Thursday, October 22, 2009

Bukharian Jews reign over Queensistan

Interesting article in Haaretz about the 50,000 Bukharian Jews of central Asia who now live in New York's Borough of Queens: (with thanks: Lily)


For two decades, Aron Aronov has transported embroidered garments, oil portraits of rabbis and other examples of traditional Bukharian Jewish culture from his native Uzbekistan to a small museum in New York.

"Here is all my money, all my life, all my time," Aronov, 71, said as he unbolted the door to the crowded, three-room Bukharian Jewish Museum, which he said is the only such museum in the world.

It tells the 2,500-year history of the Bukharian Jews of Central Asia, where they lived as a pious, insular ethnic community until leaving the region in droves in the early 1990s after the breakup of the Soviet Union.

They come mostly from Uzbekistan, and were concentrated in the Uzbek city of Bukhara.

"This museum is a desperate attempt to stop time," said Aronov, gesturing to an elaborate display of a Bukharian yard, including a wooden sofa covered with colorful rugs, cooking pots and an outdoor stove. "I don't want all this to go."

Bukharians had lived in relative harmony with their Muslim neighbors, but fled Central Asia as soon as it became possible to leave the Soviet Union, whose secular policies had long frustrated pious Bukharian Jews.

Now, they are struggling to protect an ancient culture they fear could vanish. Unlike some other ethnic communities in Queens, New York City's most ethnically diverse borough, Bukharians have no real homeland.

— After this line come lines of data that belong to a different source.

(* The cofactor of [z ^+ 13 - 1] is the quotient of [gauss13 X ^+ 2 - 13 + Phi_13 X]
   by [X ^+ 13 - 1] in [int[X]]. *)
Lemma gauss13_sqr : gauss13 z ^+ 2 = 13.
Proof.
have -> : gauss13 z ^+ 2 = 13
    - (1 + z + z ^+ 2 + z ^+ 3 + z ^+ 4 + z ^+ 5 + z ^+ 6 + z ^+ 7 + z ^+ 8 + z ^+ 9
       + z ^+ 10 + z ^+ 11 + z ^+ 12)
    + (z ^+ 13 - 1) * (12 - z - 2 * z ^+ 2 + z ^+ 3 - 4 * z ^+ 4 - z ^+ 5 + 2 * z ^+ 6
       - 3 * z ^+ 7 + 3 * z ^+ 9 - 2 * z ^+ 10 + z ^+ 11).
  by rewrite /gauss13; ring.
by rewrite cyclotomic13_root z13 subrr mul0r subr0 addr0.
Qed.

Lemma gauss13_exp (r : nat) : gauss13 (z ^+ r) = (chi13 r)%:~R * gauss13 z.
Proof.
have zS13 n : z ^+ n.+4.+4.+4.+1 = z ^+ n.
  by rewrite -[n.+4.+4.+4.+1]/(13 + n)%N exprD z13 mul1r.
rewrite /chi13 expr13_mod.
have : (r %% 13 < 13)%N by rewrite ltn_mod.
move: (r %% 13)%N => {}r.
by do 13!(case: r => [_|r]; first by rewrite /gauss13 -!exprM /= ?zS13; ring).
Qed.

Lemma gauss13_frobenius (p : nat) : p \in [pchar F] ->
  gauss13 z ^+ p = (chi13 p)%:~R * gauss13 z.
Proof.
move=> charFp; rewrite -gauss13_exp -(pFrobenius_autE charFp) /gauss13.
by rewrite !(rmorphD, rmorphN, rmorphXn) /= pFrobenius_autE.
Qed.

Lemma expr13_half_chi13 (p : nat) : prime p -> p \in [pchar F] -> p != 13%N -> odd p ->
  13 ^+ p./2 = (chi13 p)%:~R :> F.
Proof.
move=> p_prime charFp p_neq13 p_odd.
have gauss13_neq0 : gauss13 z != 0.
  apply/negP => /eqP gauss13_eq0; move/eqP: gauss13_sqr.
  by rewrite gauss13_eq0 expr0n eq_sym -(dvdn_pcharf charFp 13) dvdn_prime2 // (negbTE p_neq13).
have := gauss13_frobenius charFp.
rewrite -{1}(odd_double_half p) p_odd exprD expr1 -mul2n exprM gauss13_sqr mulrC.
by move/(mulIf gauss13_neq0).
Qed.

End Gauss13.

Lemma finField_root13 (p : nat) : prime p -> p != 13%N ->
  exists (F : finFieldType) (z : F), [/\ p \in [pchar F], z ^+ 13 = 1 & z != 1].
Proof.
move=> p_prime p_neq13.
have [F charFp cardF] := pPrimePowerField p_prime (isT : (0 < 12)%N).
have dvd13_units : (13 %| #|[set: {unit F}]|)%N.
  have p_coprime : coprime p 13 by rewrite prime_coprime // dvdn_prime2 // eq_sym.
  have fermat := Euler_exp_totient p_coprime; rewrite totient_prime // in fermat.
  rewrite card_finField_unit cardF -subn1 -eqn_mod_dvd ?fermat //.
  by rewrite expn_gt0 prime_gt0.
have [g _ g_order] := Cauchy (isT : prime 13) dvd13_units.
exists F, (val g); split=> //.
  by rewrite -FinRing.val_unitX -g_order expg_order FinRing.val_unit1.
apply: (@contra_neq _ _ #[g]%g 1%N) => [g1|]; last by rewrite g_order.
by rewrite (_ : g = 1%g) ?order1 //; apply: val_inj; rewrite g1 FinRing.val_unit1.
Qed.
Lemma semistable_cutsP :
  (forall S, S != set0 -> S != setT -> closed_under e S -> (0 <= theta_of theta S)%R) <->
  (forall k, k.+1 < r -> closed_under e (~: prefix_set k) ->
     (0 <= theta_of theta (~: prefix_set k))%R) /\
  (forall k, k.+1 < r -> closed_under e (prefix_set k) ->
     (0 <= theta_of theta (prefix_set k))%R).
Proof.
split=> [semistable_S|[ge0_setC ge0_prefix] S /set0Pn[u _] ST closedS].
  split=> k lt_k1r; apply: semistable_S.
  - exact: setC_prefix_set_neq0.
  - by apply: setC_prefix_set_neqT; lia.
  - by apply: prefix_set_neq0; lia.
  - exact: prefix_set_neqT.
rewrite theta_cut_terms; last by have := ltn_ord u; lia.
apply: sumr_ge0 => i _; apply: cut_term_ge0 => //.
by have := ltn_ord i; lia.
Qed.

End Cuts.

Definition nonzero_arrow (r a : nat) (V : mckay_rep) (i k : 'I_r) : Prop :=
  (rep_x V i != 0%R /\ val k = (i + 1) %% r) \/
  (rep_y V i != 0%R /\ val k = (i + a) %% r) \/
  (rep_z V i != 0%R /\ val k = (i + (r - a)) %% r).

Lemma is_subrepE r a (V : mckay_rep) :
  @is_subrep r a V = closed_under (nonzero_arrow a V).
Proof. by []. Qed.

Section Walk.

Variables (r a x : nat).

Definition walk k := (x + k.+1 * (r - a)) %% r.

Definition walk_ord (r_gt0 : 0 < r) k : 'I_r := @Ordinal r (walk k) (ltn_pmod _ r_gt0).

Lemma walk_inj m n : coprime r a -> a <= r -> m < r -> n < r ->
  walk m = walk n -> m = n.
Proof.
move=> co_ra le_ar lt_mr lt_nr /eqP; rewrite /walk !mulSn !addnA eqn_modDl => /eqP.
by apply: coprime_mulmod_inj; rewrite ?coprime_subr.
Qed.

Lemma walk_add k m : (walk k + m * (r - a)) %% r = walk (k + m).
Proof. by rewrite /walk modnDml -addnA -mulnDl addSn. Qed.

Lemma walk_succ k : (walk k + (r - a)) %% r = walk k.+1.
Proof. by rewrite -[X in _ + X]mul1n walk_add addn1. Qed.

Lemma walk_back k : a <= r -> (walk k + a) %% r = (x + k * (r - a)) %% r.
Proof.
move=> le_ar; rewrite /walk modnDml.
have -> : x + k.+1 * (r - a) + a = x + k * (r - a) + r by rewrite mulSn; lia.
exact: modnDr.
Qed.

Lemma walk_last : 0 < r -> x < r -> walk r.-1 = x.
Proof. by move=> r_gt0 lt_xr; rewrite /walk prednK // mulnC addnC modnMDl modn_small. Qed.

End Walk.

(* X_i contains E_1, which vanishes at every torus-fixed point. *)
Lemma Frep_x0 r a j i : rep_x (Frep r a j) i = 0%R.
Proof. by rewrite /= /fixval /Xdiv /= big1. Qed.

Lemma Frep_y0 r a j x : a <= r -> x < r -> tau r a x = j ->
  rep_y (Frep r a j) (walk r a x 0) = 0%R.
Proof.
move=> le_ar lt_xr tau_x.
by rewrite /= /fixval /= walk_back // mul0n addn0 modn_small // tau_x leqnn.
Qed.

Lemma Frep_z0 r a j x : x < r -> tau r a x = j -> j < r -> rep_z (Frep r a j) x = 0%R.
Proof.
by move=> lt_xr tau_x lt_jr; rewrite /= /fixval /= modn_small // tau_x ltnn ltnSn lt_jr.
Qed.

Section Family.

Variables (r a j : nat).
Hypotheses (r_gt1 : 1 < r) (a_gt0 : 0 < a) (lt_ar : a < r) (co_ra : coprime r a).
Hypothesis lt_jr : j < r.

Let r_gt0 : 0 < r := ltnW r_gt1.
Let le_ar : a <= r := ltnW lt_ar.

Let xi_lt : xi r a j < r := (xi_spec r_gt1 a_gt0 lt_ar co_ra lt_jr).1.
Let tau_xi : tau r a (xi r a j) = j := (xi_spec r_gt1 a_gt0 lt_ar co_ra lt_jr).2.

Local Notation h := (walk_ord a (xi r a j) r_gt0).

Lemma walk_ord_inj m n : m < r -> n < r -> h m = h n -> m = n.
Proof. by move=> lt_mr lt_nr /(congr1 val); apply: walk_inj. Qed.

Lemma Frep_adjacent m n : m < r -> n < r ->
  nonzero_arrow a (Frep r a j) (h m) (h n) -> n = m.+1 \/ m = n.+1.
Proof.
move=> lt_mr lt_nr [[]|[[]|[]]]; first by rewrite Frep_x0 eqxx.
- case: m lt_mr => [|m] lt_mr.
    by move=> /negP[]; apply/eqP; apply: Frep_y0.
  by move=> _ /= /esym; rewrite walk_back // => /walk_inj ->; [right | | | lia |].
- have [->|lt_m1r] := eqVneq m r.-1.
    have z0 := Frep_z0 xi_lt tau_xi lt_jr; rewrite -(walk_last a r_gt0 xi_lt) in z0.
    by move=> /negP[]; apply/eqP; apply: z0.
  by move=> _ /= /esym; rewrite walk_succ => /walk_inj ->; [left | | | lia |].
Qed.

Lemma mem_Wset m k : m < r -> k < r -> (h m \in Wset r a (h k) j) = (m <= k).
Proof.
move=> lt_mr lt_kr; rewrite /Wset inE /= (@find_iota0 _ r k) //; last first.
  by move=> n lt_nk; apply/eqP => /walk_inj; lia.
apply/existsP/idP => [[n /eqP /walk_inj]|le_mk]; first by have := ltn_ord n; lia.
by exists (Ordinal (le_mk : m < k.+1)).
Qed.

Lemma mem_Vset m k : m < r -> k < r -> (h m \in Vset r a (h k) j) = (k <= m).
Proof.
move=> lt_mr lt_kr; rewrite /Vset inE /= (@find_iota0 _ r (r.-1 - k)); first last.
- move=> n lt_n; rewrite walk_add -{2}(walk_last a r_gt0 xi_lt).
  by apply/eqP => /walk_inj; lia.
- by rewrite walk_add subnKC ?walk_last //; lia.
- lia.
apply/existsP/idP => [[n /eqP]|le_km].
  by rewrite walk_add => /walk_inj; have := ltn_ord n; lia.
have lt_mk : m - k < (r.-1 - k).+1 by lia.
by exists (Ordinal lt_mk); rewrite /= walk_add subnKC.
Qed.

Lemma Wset_prefix_set k : k < r -> Wset r a (h k) j = prefix_set h k.
Proof.
move=> lt_kr; apply/setP => v; have [m lt_mr ->] := inj_nat_ord_onto walk_ord_inj v.
by rewrite mem_Wset // (mem_prefix_set walk_ord_inj).
Qed.

Lemma Vset_setC_prefix_set k : k.+1 < r -> Vset r a (h k.+1) j = ~: prefix_set h k.
Proof.
move=> lt_k1r; apply/setP => v; have [m lt_mr ->] := inj_nat_ord_onto walk_ord_inj v.
by rewrite in_setC mem_Vset // (mem_prefix_set walk_ord_inj) // -ltnNge.
Qed.

Lemma Vset_first : Vset r a (h 0) j = setT.
Proof.
apply/setP => v; have [m lt_mr ->] := inj_nat_ord_onto walk_ord_inj v.
by rewrite mem_Vset // in_setT.
Qed.

Lemma forall_Vset (Q : {set 'I_r} -> Prop) :
  (forall i : 'I_r, Vset r a i j != set0 -> Vset r a i j != setT -> Q (Vset r a i j)) <->
  (forall k, k.+1 < r -> Q (~: prefix_set h k)).
Proof.
split=> [QV k lt_k1r | Qcut i].
  rewrite -Vset_setC_prefix_set //; apply: QV; rewrite Vset_setC_prefix_set //.
    exact: (setC_prefix_set_neq0 walk_ord_inj).
  exact: (setC_prefix_set_neqT walk_ord_inj).
have [[|k] lt_kr ->] := inj_nat_ord_onto walk_ord_inj i; first by rewrite Vset_first eqxx.
by rewrite Vset_setC_prefix_set // => _ _; apply: Qcut.
Qed.

Lemma forall_Wset (Q : {set 'I_r} -> Prop) :
  (forall i : 'I_r, Wset r a i j != set0 -> Wset r a i j != setT -> Q (Wset r a i j)) <->
  (forall k, k.+1 < r -> Q (prefix_set h k)).
Proof.
split=> [QW k lt_k1r | Qcut i].
  rewrite -Wset_prefix_set 1?ltnW //; apply: QW; rewrite Wset_prefix_set 1?ltnW //.
    exact: (prefix_set_neq0 walk_ord_inj).
  exact: (prefix_set_neqT walk_ord_inj).
have [k lt_kr ->] := inj_nat_ord_onto walk_ord_inj i; have [lt_k1r|le_rk1] := ltnP k.+1 r.
  by rewrite Wset_prefix_set // => _ _; apply: Qcut.
suff -> : Wset r a (h k) j = setT by rewrite eqxx.
apply/setP => v; have [m lt_mr ->] := inj_nat_ord_onto walk_ord_inj v.
by rewrite mem_Wset // in_setT; lia.
Qed.

End Family.

Theorem mainTheorem15 (r a : nat) (hr : 1 < r) (ha0 : 0 < a) (har : a < r)
  (hcop : coprime r a) (theta : 'I_r -> rat)
  (htheta : (\sum_(i < r) theta i = 0)%R) (j : 'I_r) :
  (stable a theta (Frep r a j) <->
     ((forall i : 'I_r, Vset r a i j != set0 -> Vset r a i j != setT ->
         is_subrep a (Frep r a j) (Vset r a i j) ->
         (0 < theta_of theta (Vset r a i j))%R) /\
      (forall i : 'I_r, Wset r a i j != set0 -> Wset r a i j != setT ->
         is_subrep a (Frep r a j) (Wset r a i j) ->
         (0 < theta_of theta (Wset r a i j))%R))) /\
  (semistable a theta (Frep r a j) <->
     ((forall i : 'I_r, Vset r a i j != set0 -> Vset r a i j != setT ->
         is_subrep a (Frep r a j) (Vset r a i j) ->
         (0 <= theta_of theta (Vset r a i j))%R) /\
      (forall i : 'I_r, Wset r a i j != set0 -> Wset r a i j != setT ->
         is_subrep a (Frep r a j) (Wset r a i j) ->
         (0 <= theta_of theta (Wset r a i j))%R))).
Proof.
have lt_jr := ltn_ord j.
have h_inj := @walk_ord_inj r a j hr har hcop.
have adj := @Frep_adjacent r a j hr ha0 har hcop lt_jr.
have eqV := forall_Vset hr ha0 har hcop lt_jr.
have eqW := forall_Wset hr ha0 har hcop lt_jr.
rewrite /stable /semistable is_subrepE.
rewrite (stable_cutsP h_inj htheta adj) (semistable_cutsP h_inj htheta adj).
pose arrow := @nonzero_arrow r a (Frep r a j).
rewrite (eqV (fun S => closed_under arrow S -> 0 < theta_of theta S)%R).
rewrite (eqW (fun S => closed_under arrow S -> 0 < theta_of theta S)%R).
rewrite (eqV (fun S => closed_under arrow S -> 0 <= theta_of theta S)%R).
by rewrite (eqW (fun S => closed_under arrow S -> 0 <= theta_of theta S)%R).
Qed.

Most of the estimated 300,000 Bukharian Jews have settled in Israel but the second-largest concentration of about 50,000 live in the Queens neighborhoods of Rego Park and Forest Hills - earning the area the nickname Queensistan.

Only a few hundred remain in Uzbekistan, Tajikistan and Kyrgyzstan, local leaders say.

Today, a stretch of Queens Boulevard is dotted with Bukharian synagogues, restaurants and cultural centers. There is also a theater staging plays in Bukhori, a Jewish dialect of Farsi, a newspaper, a cemetery and the museum.

Malika Kalantarova, a Bukharian from Tajikistan, was a celebrated dancer in the Soviet Union and now operates a dance studio in a Queens subway station.

"It's like a new Bukhara in New York City," said Itzhak Yehoshua, the head rabbi for Bukharians in America, a reference to the Uzbek city that gave Bukharians their name.

Bukharians attribute their success in keeping their heritage to their strong tendency to marry within the community and stick together. Of the 500 Bukharian weddings registered in 2007, Yehoshua said 400 were among Bukharians, 60 were between Bukharians and other Jews and 40 were between Bukharians and non-Jews.